Light engines (often referred to as “illuminators”) are used in many applications, and especially in fiber optic illumination applications. Light engines are typically used to locate a source of light remotely from an area to be illuminated. Several advantages are provided by being able to locate the light engine remotely from the area where the light it produces is to be used. Safety, spectrum control, thermal concerns, etc., are but a few reasons why it is often desirable to locate the light engine remotely from an area or object that is to be illuminated.
The problem with using light engines in fiber optic illumination systems is the needed efficiency. Direct illumination by a light source is the more efficient means for providing light. For fiber fed illuminators to compete with direct illumination systems, the efficiency and the amount of light transported by a fiber (or optical fiber bundle) needs to approach the system efficiency of a direct illumination system.
A specific limitation with present day fiber fed illuminators is the criticality of the diameter of the spot size of the beam of light produced by the illuminator.
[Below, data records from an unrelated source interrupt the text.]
Lemma Gamma_dilation u (k : int) :
  1 + u = p%:R ^ k -> inGamma p (elem (inord 1) (inord 1) u).
Proof.
move=> u_eq; split; [|split].
- by exists k, 0; rewrite !elem_same_diag !inord4_eq //= !mulr0n !addr0 -u_eq expr0z.
- by move=> r c lt_cr; rewrite elem_same_offdiag // -val_eqE /= gtn_eqF.
- move=> r c lt_rc; rewrite elem_same_offdiag; first exact: zinvp0.
  by rewrite -val_eqE /= ltn_eqF.
Qed.

Lemma inN_Gamma x : inN x -> inGamma p x.
Proof. by case=> z ->; apply: Gamma_elem (zinvp_int z); rewrite !inordK. Qed.

Lemma Gamma_corner_central g : inGamma p g -> corner_central g.
Proof.
move=> Gg; apply/eqP; have g_trig := Gamma_upper_trig Gg.
case: Gg => [[_ [_ [g00 [_ [_ g33]]]]] _].
have i0 : inord 0 = 0 :> 'I_4 by apply: val_inj; rewrite /= inordK.
have i3 : inord 3 = ord_max :> 'I_4 by apply: val_inj; rewrite /= inordK.
rewrite /corner i0 i3 in g00 g33 *.
by apply: upper_trig_corner_commute => //; rewrite g00 g33.
Qed.

End AbelsGroup.

Section Generators.
Variable p : nat.
Hypothesis p_gt0 : (0 < p)%N.

Definition abels_a : 'M[rat]_4 := elem (inord 0) (inord 1) p%:R^-1.
Definition abels_b : 'M[rat]_4 := elem (inord 1) (inord 3) 1.
Definition abels_c : 'M[rat]_4 := elem (inord 0) (inord 3) p%:R^-1.
Definition abels_c_inv : 'M[rat]_4 := elem (inord 0) (inord 3) (- p%:R^-1).
Definition abels_d : 'M[rat]_4 := elem (inord 1) (inord 1) (p%:R^-1 - 1).
Definition abels_z : 'M[rat]_4 := elem (inord 0) (inord 3) 1.

Lemma zinvp_invp : zinvp p p%:R^-1.
Proof. by exists 1%N, 1; rewrite mul1r expr1. Qed.

Lemma Gamma_abels_a : inGamma p abels_a.
Proof. by apply: Gamma_elem zinvp_invp; rewrite !inordK. Qed.

Lemma Gamma_abels_b : inGamma p abels_b.
Proof. by apply: Gamma_elem (zinvp_int p 1); rewrite !inordK. Qed.

Lemma Gamma_abels_c : inGamma p abels_c.
Proof. by apply: Gamma_elem zinvp_invp; rewrite !inordK. Qed.

Lemma Gamma_abels_c_inv : inGamma p abels_c_inv.
Proof. by apply: Gamma_elem (zinvpN zinvp_invp); rewrite !inordK. Qed.

Lemma Gamma_abels_d : inGamma p abels_d.
Proof. by apply: (@Gamma_dilation p _ (-1)); rewrite addrC subrK exprN1. Qed.

Lemma inN_abels_z : inN abels_z.
Proof. by exists 1. Qed.

Lemma abels_commutator m :
  abels_a ^+ m *m abels_b = abels_c ^+ m *m abels_b *m abels_a ^+ m.
Proof. by rewrite !elemX ?inord4_eq // elem_commutator ?inord4_eq // mulr1. Qed.

Lemma abels_dilate : abels_a ^+ p *m abels_d = abels_d *m abels_a.
Proof.
rewrite elemX ?inord4_eq // elem_dilation ?inord4_eq //; congr (_ *m elem _ _ _).
by rewrite addrC subrK -(mulr_natr p%:R^-1) mulVf ?natr_p_neq0 ?mul1r.
Qed.

Lemma abels_c_expp : abels_c ^+ p = abels_z.
Proof. by rewrite elemX ?inord4_eq // -(mulr_natr p%:R^-1) mulVf ?natr_p_neq0. Qed.

Lemma abels_c_mulV : abels_c *m abels_c_inv = 1%:M.
Proof. by rewrite elemD ?inord4_eq // subrr elem0. Qed.

End Generators.

(* The map Gamma *_N Gamma -> Gamma/N that is the identity on the first factor
   and trivial on the second.  [amal_eq] also relates words with letters
   outside Gamma; keeping only the letters that commute with [corner] (as all
   of Gamma does) keeps N central. *)
Definition first_copy (w : word) : 'M[rat]_4 :=
  \prod_(l <- w | l.1 && corner_central l.2) l.2.

Lemma first_copy_cat u v : first_copy (u ++ v) = first_copy u *m first_copy v.
Proof. by rewrite /first_copy big_cat mulmxE. Qed.

Lemma corner_central_first_copy w : corner_central (first_copy w).
Proof.
rewrite /first_copy; elim/big_ind: _ => [|g h /eqP gE /eqP hE|[b g] /andP[_ //]].
  by rewrite /corner_central mulmx1 mul1mx.
by apply/eqP; rewrite -mulmxE -mulmxA hE !mulmxA gE.
Qed.

Section FirstCopy.
Variable p : nat.
Hypothesis p_gt0 : (0 < p)%N.

Lemma amal_eq_first_copy w w' : amal_eq p w w' ->
  exists z : int, first_copy w = first_copy w' *m elem (inord 0) (inord 3) z%:~R.
Proof.
have ne03 : inord 0 != inord 3 :> 'I_4 by rewrite inord4_eq.
elim=> {w w'} [w | w w' _ [z ->] | w1 w2 w3 _ [z1 ->] _ [z2 ->]
              | u v b g h Gg Gh | u v b | u v x [z ->]].
- by exists 0; rewrite mulr0z elem0 mulmx1.
- by exists (- z); rewrite -mulmxA elemD // intrN subrr elem0 mulmx1.
- by exists (z2 + z1); rewrite -mulmxA elemD // intrD.
- exists 0; rewrite mulr0z elem0 mulmx1 !first_copy_cat /first_copy !big_cons /=.
  case: b => //=; rewrite !(Gamma_corner_central (p := p)) //; last exact: Gamma_mul.
  by rewrite mulrA -mulmxE.
- exists 0; rewrite mulr0z elem0 mulmx1 !first_copy_cat /first_copy big_cons /=.
  by case: ifP; rewrite ?mul1r.
- exists z; rewrite !first_copy_cat /first_copy !big_cons /=.
  rewrite (Gamma_corner_central (p := p)); last by apply: inN_Gamma; exists z.
  rewrite -/(first_copy v) -[1%:M + _]/(elem (inord 0) (inord 3) z%:~R) -mulmxE.
  by rewrite corner_central_elem ?corner_central_first_copy // mulmxA.
Qed.

Lemma abels_word_nontrivial : prime p ->
  ~ amal_eq p [:: (true, abels_c p); (false, abels_c_inv p)] [::].
Proof.
move=> p_prime /amal_eq_first_copy [z].
rewrite /first_copy !big_cons big_nil /= (Gamma_corner_central (Gamma_abels_c p)).
rewrite mulr1 mul1mx => /matrixP /(_ (inord 0) (inord 3)).
rewrite !elem_offdiag ?inord4_eq // !eqxx /= !mulr1n => invp_eq.
have : (z * p%:Z)%:~R = 1%:~R :> rat by rewrite intrM -invp_eq mulVf ?natr_p_neq0.
move=> /intr_inj /(congr1 absz); rewrite abszM /= => /eqP; rewrite muln_eq1.
by case/andP => _ /eqP p1; move: p_prime; rewrite p1.
Qed.

End FirstCopy.

Lemma valid_word1 p b g : inGamma p g -> valid_word p [:: (b, g)].
Proof. by move=> Gg l; rewrite inE => /eqP ->. Qed.

Lemma valid_word_cat p u v : valid_word p u -> valid_word p v -> valid_word p (u ++ v).
Proof. by move=> u_valid v_valid l; rewrite mem_cat => /orP[/u_valid | /v_valid]. Qed.

Lemma unitary_normalmx n (U : 'M[Cplx]_n) : unitary U -> U \is normalmx.
Proof.
rewrite /unitary map_trmx => UU; apply/normalmxP.
by rewrite UU; apply/esym/mulmx1C.
Qed.

Definition rho n (f : word -> 'M[Cplx]_n) (b : bool) (g : 'M[rat]_4) := f [:: (b, g)].

Section Representation.
Variables (p n : nat) (f : word -> 'M[Cplx]_n).
Hypotheses (p_gt0 : (0 < p)%N) (f_rep : amal_rep p f).

Lemma rep_nil : f [::] = 1%:M.
Proof.
case: f_rep => _ [f_cat f_unitary]; have nil_valid : valid_word p [::] by [].
have /mulmx1_unit [f_unit _] := f_unitary [::] nil_valid.
have f_idem : f [::] *m f [::] = f [::] *m 1%:M by rewrite mulmx1 -f_cat.
by have := congr1 (mulmx (invmx (f [::]))) f_idem; rewrite !mulKmx.
Qed.

Lemma rho_mul b g h : inGamma p g -> inGamma p h ->
  rho f b (g *m h) = rho f b g *m rho f b h.
Proof.
move=> Gg Gh; case: f_rep => f_amal [f_cat _].
rewrite /rho -f_cat; [apply: f_amal | exact: valid_word1..].
- by apply: valid_word1; apply: Gamma_mul.
- exact: valid_word_cat (valid_word1 Gg) (valid_word1 Gh).
- exact: ae_sym (ae_mul [::] [::] b Gg Gh).
Qed.

Lemma rho1 b : rho f b 1%:M = 1%:M.
Proof.
case: f_rep => f_amal _; rewrite /rho -rep_nil.
by apply: f_amal (ae_one _ [::] [::] b) => //; apply: valid_word1 (Gamma1 p).
Qed.

Lemma rho_expr b g m : inGamma p g -> rho f b (g ^+ m) = rho f b g ^+ m.
Proof.
move=> Gg; elim: m => [|m IH]; first by rewrite !expr0 rho1.
by rewrite !exprSr -!mulmxE rho_mul ?IH //; apply: Gamma_expr.
Qed.

Lemma rho_unitary b g : inGamma p g -> unitary (rho f b g).
Proof. by case: f_rep => _ [_ f_unitary] Gg; apply/f_unitary/valid_word1. Qed.

Lemma rho_unit b g : inGamma p g -> rho f b g \in unitmx.
Proof. by move=> /(rho_unitary b) /mulmx1_unit []. Qed.

Lemma rho_amalg x : inN x -> rho f true x = rho f false x.
Proof.
move=> Nx; case: f_rep => f_amal _.
by apply: f_amal (ae_amalg _ [::] [::] Nx); apply: valid_word1; apply: inN_Gamma.
Qed.

Lemma rho_abels_c_period b :
  exists2 K, (0 < K)%N & rho f b (abels_c p) ^+ (p ^ K) = rho f b (abels_c p).
Proof.
have Ga := Gamma_abels_a p; have Gb := Gamma_abels_b p.
have Gc := Gamma_abels_c p; have Gd := Gamma_abels_d p.
set A := rho f b (abels_a p); set B := rho f b abels_b; set C := rho f b (abels_c p).
have [K K_gt0 AK] : exists2 K, (0 < K)%N & A ^+ (p ^ K) = A.
  apply: (normalmx_conj_expr_period (unitary_normalmx (rho_unitary b Ga)) (rho_unit b Gd)).
  by rewrite -rho_expr // -!rho_mul ?abels_dilate //; apply: Gamma_expr.
have rho_commute m : A ^+ m *m B = C ^+ m *m B *m A ^+ m.
  have Gam := Gamma_expr p_gt0 m Ga; have Gcm := Gamma_expr p_gt0 m Gc.
  by rewrite -!rho_expr // -!rho_mul ?abels_commutator //; apply: Gamma_mul.
have BA_unit : B *m A \in unitmx by rewrite unitmx_mul !rho_unit.
exists K => //; apply: (can_inj (mulmxK BA_unit)); rewrite !mulmxA.
have := rho_commute 1%N; rewrite !expr1 => <-.
by rewrite -[in LHS]AK -rho_commute AK.
Qed.

Lemma rho_abels_c_expS b m :
  rho f b (abels_c p) ^+ (p ^ m.+1) = rho f b abels_z ^+ (p ^ m).
Proof. by rewrite expnS exprM -rho_expr ?abels_c_expp //; apply: Gamma_abels_c. Qed.

End Representation.

Theorem proposition8p3 (p : nat) : prime p -> ~ amalgam_MAP p.
Proof.
move=> p_prime MAP; have p_gt0 := prime_gt0 p_prime.
have Gc := Gamma_abels_c p; have Gc_inv := Gamma_abels_c_inv p.
have w_valid := valid_word_cat (valid_word1 (b := true) Gc) (valid_word1 (b := false) Gc_inv).
have [n [f [f_rep fw_neq1]]] := MAP _ w_valid (abels_word_nontrivial p_gt0 p_prime).
have [K1 K1_gt0 period1] := rho_abels_c_period p_gt0 f_rep true.
have [K2 K2_gt0 period2] := rho_abels_c_period p_gt0 f_rep false.
have /prednK K_eq : (0 < K1 * K2)%N by rewrite muln_gt0 K1_gt0 K2_gt0.
have rho_c_eq : rho f true (abels_c p) = rho f false (abels_c p).
  rewrite -(expr_period K2 period1) -(expr_period K1 period2) [(K2 * K1)%N]mulnC -K_eq.
  by rewrite !(rho_abels_c_expS p_gt0 f_rep) (rho_amalg f_rep inN_abels_z).
apply: fw_neq1; have [_ [f_cat _]] := f_rep.
rewrite f_cat; [|exact: valid_word1..].
rewrite -/(rho f true (abels_c p)) -/(rho f false (abels_c_inv p)) rho_c_eq.
by rewrite -(rho_mul p_gt0 f_rep) // abels_c_mulV (rho1 f_rep).
Qed.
Ideally, the spot size should be minimized so as to better concentrate and focus the optical energy of the beam into the input face of an optical fiber or optical fiber bundle. There have been many attempts, with limited success, to control the spot size in an effort to reduce it so that the light beam from an illuminator can be focused into a smaller diameter optical fiber or a smaller diameter optical fiber bundle.
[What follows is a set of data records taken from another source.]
(* Both sides are sums of binomial coefficients whose upper and lower arguments differ by
   a natural number d, so the Gamma quotients reduce to the polynomial coefficients
   r (r-1) ... (r-d+1) / d!; a coefficient C(j, y) with j < y vanishes because the
   Euler-Gauss limit defining Gamma evaluates to 0 at the nonpositive integers, where the
   true Gamma has its poles.
   With n = m - x, t = j - x and D_k = C(z+k, k), the left side is
   sum_t C(x+t, y) D_(n-t).  Vandermonde's convolution C(x+t, y) = sum_i C(x, i) C(t, y-i)
   and the upper convolution sum_t C(t, a) D_(n-t) = C(z+n+1, n-a) (for a <= n, and 0 for
   a > n), both consequences of Pascal's rule, turn it into sum_i C(x, i) C(z+n+1, n+i-y),
   which is the right side since z+n+1 = w-x+1.
   The facts Gamma(s+1) = s Gamma(s), Gamma(1) = 1 and Gamma > 0 on (0, oo) follow from the
   Euler-Gauss limit, whose sequence is increasing and bounded for s > 0. *)

From Stdlib Require Import Reals Lra Lia Factorial.
From Coquelicot Require Import Coquelicot.
Open Scope R_scope.

Lemma sum_n_m_shift {G : AbelianMonoid} (a : nat -> G) k n :
  sum_n_m a k (k + n) = sum_n (fun t => a (k + t)%nat) n.
Proof.
  revert a; induction k as [|k IH]; intros a; [reflexivity|].
  simpl. rewrite <- sum_n_m_S. apply IH.
Qed.

(* Sums of reals, stated with [Rplus] and [Rmult]: the generic statements are equations in
   the carrier of an [AbelianMonoid], on which [ring] and [lra] fail. *)
Lemma sum_Sn_R (a : nat -> R) n : sum_n a (S n) = sum_n a n + a (S n).
Proof. exact (sum_Sn a n). Qed.

Lemma sum_Sn_l (a : nat -> R) n : sum_n a (S n) = a O + sum_n (fun t => a (S t)) n.
Proof. unfold sum_n. rewrite sum_Sn_m by lia. now rewrite sum_n_m_S. Qed.

Lemma sum_n_Rplus (u v : nat -> R) n : sum_n (fun k => u k + v k) n = sum_n u n + sum_n v n.
Proof. exact (sum_n_plus u v n). Qed.

Lemma sum_n_ext_R (a b : nat -> R) n :
  (forall i, (i <= n)%nat -> a i = b i) -> sum_n a n = sum_n b n.
Proof. exact (sum_n_ext_loc a b n). Qed.

Lemma sum_n_Rmult_l a (u : nat -> R) n : sum_n (fun k => a * u k) n = a * sum_n u n.
Proof. exact (sum_n_mult_l a u n). Qed.

Lemma sum_n_Rmult_r a (u : nat -> R) n : sum_n (fun k => u k * a) n = sum_n u n * a.
Proof. exact (sum_n_mult_r a u n). Qed.

Lemma sum_n_R_zero (a : nat -> R) n : (forall i, (i <= n)%nat -> a i = 0) -> sum_n a n = 0.
Proof.
  intros Ha. rewrite (sum_n_ext_R a (fun _ => 0)) by exact Ha.
  rewrite sum_n_const. apply Rmult_0_r.
Qed.

Lemma sum_n_zero_prefix (a : nat -> R) lo n :
  (forall i, (i < lo)%nat -> a i = 0) -> (lo <= S n)%nat ->
  sum_n a n = sum_n_m a lo n.
Proof.
  intros Ha Hlo. destruct lo as [|lo]; [reflexivity|].
  unfold sum_n. rewrite (sum_n_m_Chasles a 0 lo n) by lia.
  rewrite (sum_n_m_ext_loc a (fun _ => zero) 0 lo) by (intros; apply Ha; lia).
  now rewrite sum_n_m_const_zero, plus_zero_l.
Qed.

Fixpoint choose (r : R) (k : nat) : R :=
  match k with
  | O => 1
  | S k' => choose r k' * (r - INR k') / (INR k' + 1)
  end.

Lemma choose_absorption r k : choose (r + 1) (S k) = choose r k * (r + 1) / (INR k + 1).
Proof.
  induction k as [|k IH].
  - simpl. field.
  - change (choose (r + 1) (S (S k)))
      with (choose (r + 1) (S k) * (r + 1 - INR (S k)) / (INR (S k) + 1)).
    rewrite IH. simpl choose. rewrite S_INR. pose proof (pos_INR k). field. lra.
Qed.

Lemma choose_pascal r k : choose (r + 1) (S k) = choose r (S k) + choose r k.
Proof. rewrite choose_absorption. simpl. pose proof (pos_INR k). field. lra. Qed.

Lemma choose_INR_lt t k : (t < k)%nat -> choose (INR t) k = 0.
Proof.
  induction k as [|k IH]; intros Htk; [lia|]. simpl.
  destruct (Nat.eq_dec k t) as [->|Hne].
  - unfold Rminus. rewrite Rplus_opp_r. lra.
  - rewrite IH by lia. lra.
Qed.

Lemma choose_vandermonde r t k :
  choose (r + INR t) k = sum_n (fun i => choose r i * choose (INR t) (k - i)) k.
Proof.
  revert k; induction t as [|t IH]; intros [|k]; try (rewrite sum_O; simpl; ring).
  - rewrite sum_Sn_R, Nat.sub_diag, sum_n_R_zero.
    + change (INR 0) with 0. rewrite Rplus_0_r. change (choose 0 0) with 1. ring.
    + intros i Hi. rewrite choose_INR_lt by lia. ring.
  - rewrite S_INR, <- Rplus_assoc, choose_pascal, IH, IH, !sum_Sn_R, Nat.sub_diag.
    rewrite (sum_n_ext_R (fun i => choose r i * choose (INR t + 1) (S k - i))
      (fun i => choose r i * choose (INR t) (S k - i) + choose r i * choose (INR t) (k - i))).
    + rewrite sum_n_Rplus. simpl. ring.
    + intros i Hi. replace (S k - i)%nat with (S (k - i)) by lia.
      rewrite choose_pascal. ring.
Qed.

Lemma choose_upper_convolution z n k : (k <= n)%nat ->
  sum_n (fun t => choose (INR t) k * choose (z + INR (n - t)) (n - t)) n
  = choose (z + INR n + 1) (n - k) :> R.
Proof.
  revert k; induction n as [|n IH]; intros k Hk.
  - replace k with 0%nat by lia. rewrite sum_O. simpl. ring.
  - rewrite sum_Sn_l, Nat.sub_0_r.
    change (fun t => choose (INR (S t)) k * choose (z + INR (S n - S t)) (S n - S t))
      with (fun t => choose (INR (S t)) k * choose (z + INR (n - t)) (n - t)).
    replace (z + INR (S n) + 1) with (z + INR n + 1 + 1) by (rewrite S_INR; ring).
    destruct k as [|k].
    + change (fun t => choose (INR (S t)) 0 * choose (z + INR (n - t)) (n - t))
        with (fun t => choose (INR t) 0 * choose (z + INR (n - t)) (n - t)).
      rewrite IH, !Nat.sub_0_r, choose_pascal by lia.
      rewrite S_INR, <- Rplus_assoc. simpl choose at 1. ring.
    + rewrite (sum_n_ext_R _ (fun t =>
          choose (INR t) (S k) * choose (z + INR (n - t)) (n - t)
          + choose (INR t) k * choose (z + INR (n - t)) (n - t))).
      2:{ intros t _. rewrite S_INR, choose_pascal. ring. }
      rewrite sum_n_Rplus, (IH k), (choose_INR_lt 0) by lia.
      destruct (Compare_dec.le_lt_dec (S k) n) as [HSk|HSk].
      * rewrite IH by exact HSk.
        replace (n - k)%nat with (S (n - S k)) by lia.
        replace (S n - S k)%nat with (S (n - S k)) by lia.
        rewrite (choose_pascal (z + INR n + 1)). ring.
      * replace k with n by lia. rewrite sum_n_R_zero.
        -- rewrite Nat.sub_diag. replace (S n - S n)%nat with 0%nat by lia. simpl. ring.
        -- intros t Ht. rewrite choose_INR_lt by lia. ring.
Qed.

Lemma sum_choose_mul_choose r z n k :
  sum_n (fun t => choose (r + INR t) k * choose (z + INR (n - t)) (n - t)) n
  = sum_n_m (fun i => choose r i * choose (z + INR n + 1) (n + i - k)) (k - n) k.
Proof.
  set (conv a := sum_n (fun t => choose (INR t) a * choose (z + INR (n - t)) (n - t)) n).
  transitivity (sum_n (fun i => choose r i * conv (k - i)%nat) k).
  { rewrite (sum_n_ext_R _ (fun t => sum_n (fun i =>
        choose r i * choose (INR t) (k - i) * choose (z + INR (n - t)) (n - t)) k)).
    2:{ intros t _. rewrite choose_vandermonde. symmetry. apply sum_n_Rmult_r. }
    rewrite sum_n_switch. apply sum_n_ext_R. intros i _.
    unfold conv. rewrite <- sum_n_Rmult_l. apply sum_n_ext_R. intros t _. ring. }
  (* For [i < k - n] the inner sum only involves [choose (INR t) (k - i)] with [t < k - i]. *)
  rewrite (sum_n_zero_prefix _ (k - n)); [| |lia].
  - apply sum_n_m_ext_loc. intros i Hi. unfold conv.
    rewrite choose_upper_convolution by lia. do 2 f_equal. lia.
  - intros i Hi. unfold conv. rewrite sum_n_R_zero; [ring|].
    intros t Ht. rewrite choose_INR_lt by lia. ring.
Qed.

Definition Gamma_seq (s : R) (n : nat) : R :=
  INR (fact n) * Rpower (INR n) s / rising s n.

Lemma rising_gt0 s n : 0 < s -> 0 < rising s n.
Proof.
  intros Hs; induction n as [|n IH]; simpl; [exact Hs|].
  pose proof (pos_INR n). destruct n; apply Rmult_lt_0_compat; lra.
Qed.

Lemma Gamma_seq_gt0 s n : 0 < s -> 0 < Gamma_seq s n.
Proof.
  intros Hs. unfold Gamma_seq, Rpower. pose proof (INR_fact_lt_0 n).
  pose proof (exp_pos (s * ln (INR n))). pose proof (rising_gt0 s n Hs).
  apply Rdiv_lt_0_compat; [apply Rmult_lt_0_compat|]; assumption.
Qed.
Many present day fiber fed illuminators incorporate some form of reflector system which is used to more closely focus the light from a light source of the illuminator. Such a system is shown in FIG. 1. The spot size of a beam produced by any given reflector system is governed by the physical size of the light source, the solid angle of the source radiation pattern and the numerical aperture (NA) of the wave guide, light pipe or fiber used to receive the reflected light. In FIG. 1, it will be noted that the light source “L” disposed at a focus (i.e., focal plane) of a reflector “R” produces a large beam (“spot”) which covers substantially an entire face of a target “T”. This is partly because “low angle” light rays, represented by dashed lines “D” are reflected by the reflector R, which produce a very large spot at the target. It would be much more desirable if only the more accurate “high angle” rays, such as rays “H”, were reflected at the target T. However, forming the reflector such that the high angle rays are reflected results in a loss of a significant portion of the optical energy from the light source L. The use of various forms of reflectors alone, and in combination with a condensing lens, has failed to achieve a significant reduction in the spot size of the reflected beam. FIG. 2 illustrates a prior art dual ellipsoid reflector and the equations for predicting the distribution of the spot size of the beam reflected onto a target plane.
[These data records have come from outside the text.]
(** * The variety of commuting pairs *)

Lemma sign_coefs_eq0 (F : fieldType) (A B C D : F) : 2%:R != 0 :> F ->
  (forall e d : F, e ^+ 2 = 1 -> d ^+ 2 = 1 -> A + B * e + C * d + D * (e * d) = 0) ->
  [/\ A = 0, B = 0, C = 0 & D = 0].
Proof.
move=> two_neq0 vanish; pose v e d := A + B * e + C * d + D * (e * d).
have [vpp vpm vmp vmm] : [/\ v 1 1 = 0, v 1 (-1) = 0, v (-1) 1 = 0 & v (-1) (-1) = 0].
  by split; apply: vanish; rewrite ?sqrrN expr1n.
have cancel4 (x : F) : 4%:R * x = 0 -> x = 0.
  move/eqP; rewrite -[4%N]/(2 * 2)%N natrM -mulrA !mulf_eq0 (negbTE two_neq0) /=.
  by move/eqP.
split; apply: cancel4.
- have -> : 4%:R * A = v 1 1 + v 1 (-1) + v (-1) 1 + v (-1) (-1) by rewrite /v; ring.
  by rewrite vpp vpm vmp vmm !addr0.
- have -> : 4%:R * B = v 1 1 + v 1 (-1) - v (-1) 1 - v (-1) (-1) by rewrite /v; ring.
  by rewrite vpp vpm vmp vmm !subr0 addr0.
- have -> : 4%:R * C = v 1 1 - v 1 (-1) + v (-1) 1 - v (-1) (-1) by rewrite /v; ring.
  by rewrite vpp vpm vmp vmm !subr0 addr0.
- have -> : 4%:R * D = v 1 1 - v 1 (-1) - v (-1) 1 + v (-1) (-1) by rewrite /v; ring.
  by rewrite vpp vpm vmp vmm !subr0 addr0.
Qed.

Definition ratfunC (k : fieldType) (d : nat) : {rmorphism k -> ratfun k d} :=
  (@FracField.tofrac _ : {mpoly k[d]} -> ratfun k d) \o (@mpolyC d k).

HB.instance Definition _ (k : fieldType) (n d : nat) (h : 'I_n -> ratfun k d) :=
  GRing.RMorphism.copy (ev_ratfun h) (mmap (ratfunC k d) h).

Lemma ev_ratfunE (k : fieldType) (n d : nat) (h : 'I_n -> ratfun k d) :
  ev_ratfun h =1 mmap (ratfunC k d) h.
Proof. by []. Qed.

Lemma ev_ratfunX (k : fieldType) (n d : nat) (h : 'I_n -> ratfun k d) i :
  ev_ratfun h 'X_i = h i.
Proof. by rewrite ev_ratfunE mmapX mmap1U. Qed.

Lemma ev_ratfunC (k : fieldType) (n d : nat) (h : 'I_n -> ratfun k d) c :
  ev_ratfun h c%:MP = FracField.tofrac c%:MP.
Proof. by rewrite ev_ratfunE mmapC. Qed.

(* X = [[t0, t1], [x2, x3]] and Y = a X + b with a = t3 / t1, b = t2 / t1: then
   det X = 1 determines x2, and det Y = a^2 + a b tr X + b^2 = 1 determines tr X. *)
Definition SI_point (F : fieldType) (t0 t1 t2 t3 : F) (j : nat) : F :=
  let trX := (t1 ^+ 2 - t2 ^+ 2 - t3 ^+ 2) / (t2 * t3) in
  let x3 := trX - t0 in
  let x2 := (t0 * x3 - 1) / t1 in
  let a := t3 / t1 in
  let b := t2 / t1 in
  nth 0 [:: t0; t1; x2; x3; a * t0 + b; a * t1; a * x2; a * x3 + b] j.

Section SIPoint.
Variables (F : fieldType) (t0 t1 t2 t3 : F).
Hypotheses (t1_neq0 : t1 != 0) (t2_neq0 : t2 != 0) (t3_neq0 : t3 != 0).
Local Notation v := (SI_point t0 t1 t2 t3).

Lemma SI_point_eqs :
  [/\ v 0 * v 3 - v 1 * v 2 - 1 = 0, v 4 * v 7 - v 5 * v 6 - 1 = 0,
      v 1 * v 6 - v 5 * v 2 = 0, v 1 * (v 7 - v 4) - v 5 * (v 3 - v 0) = 0
    & v 6 * (v 3 - v 0) - v 2 * (v 7 - v 4) = 0].
Proof. by rewrite /SI_point /=; split; field; rewrite ?t1_neq0 ?t2_neq0 ?t3_neq0. Qed.

Lemma SI_point_coord : v 1 * v 4 - v 5 * v 0 = t2.
Proof. by rewrite /SI_point /=; field. Qed.

End SIPoint.

Section CommutingPairs.
Variable k : fieldType.
Local Notation P8 := {mpoly k[8]}.
Local Notation xv j := ('X_(inord j) : P8).
Local Notation x0 := (xv 0). Local Notation x1 := (xv 1).
Local Notation x2 := (xv 2). Local Notation x3 := (xv 3).
Local Notation y0 := (xv 4). Local Notation y1 := (xv 5).
Local Notation y2 := (xv 6). Local Notation y3 := (xv 7).
Local Notation dX1 := (x0 * x3 - x1 * x2 - 1).
Local Notation dY1 := (y0 * y3 - y1 * y2 - 1).
Local Notation c00 := (x1 * y2 - y1 * x2).
Local Notation c01 := (x1 * (y3 - y0) - y1 * (x3 - x0)).
Local Notation c10 := (y2 * (x3 - x0) - x2 * (y3 - y0)).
Many present day approaches which attempt to reduce the spot size of the light beam from a fiber fed illuminator make use of either a standard ellipsoidal reflector, a dual ellipsoidal reflector, a parabaloid reflector with some form of optical lens, and various other facetized versions of these approaches. All of these approaches are subject to a common geometric limitation. That limitation is that while a typical ellipsoidal reflector may very accurately direct the light source to an output location (i.e., focus) at source points close to the median of the ellipse, the reflected light diverges away from the output location as the source point moves away from the median of the ellipse. The spot size is governed by the numerical aperture (NA) of the accepting target, the solid angle of the source radiation pattern and the source's physical size.
In view of the above, it will be appreciated then that a standard ellipsoidal reflector has a geometric limitation for the spot size that it can produce. There have been many attempts to “piece wise” control the distribution of the output by facetizing the reflector. Facetized reflectors are designed to “tweak” the distribution of light at the target by orienting areas on the reflector surface (facets) in order to meet some predetermined output beam pattern. However, facetized reflectors still may not actually focus the source light better, but can sometimes distribute the light to better meet some predetermined requirement. More precise control of the output of the light source would allow even more light to be focused into a smaller diameter spot. In practical terms, this would allow for a smaller diameter optical fiber or optical fiber bundle to be used to receive the optical signal from the signal source to handle a given illumination task.
Accordingly, there still exists a need for a fiber fed light engine which is able to more closely focus a light beam from a light source in a manner that reduces the spot size of the beam to a greater degree than what is possible with present day light engines. Reducing the spot size of the beam would allow smaller diameter optical fibers and optical fiber bundles to be employed, which would significantly improve the overall efficiently of the system, in addition to reducing the overall cost and weight of a fiber optic illumination system.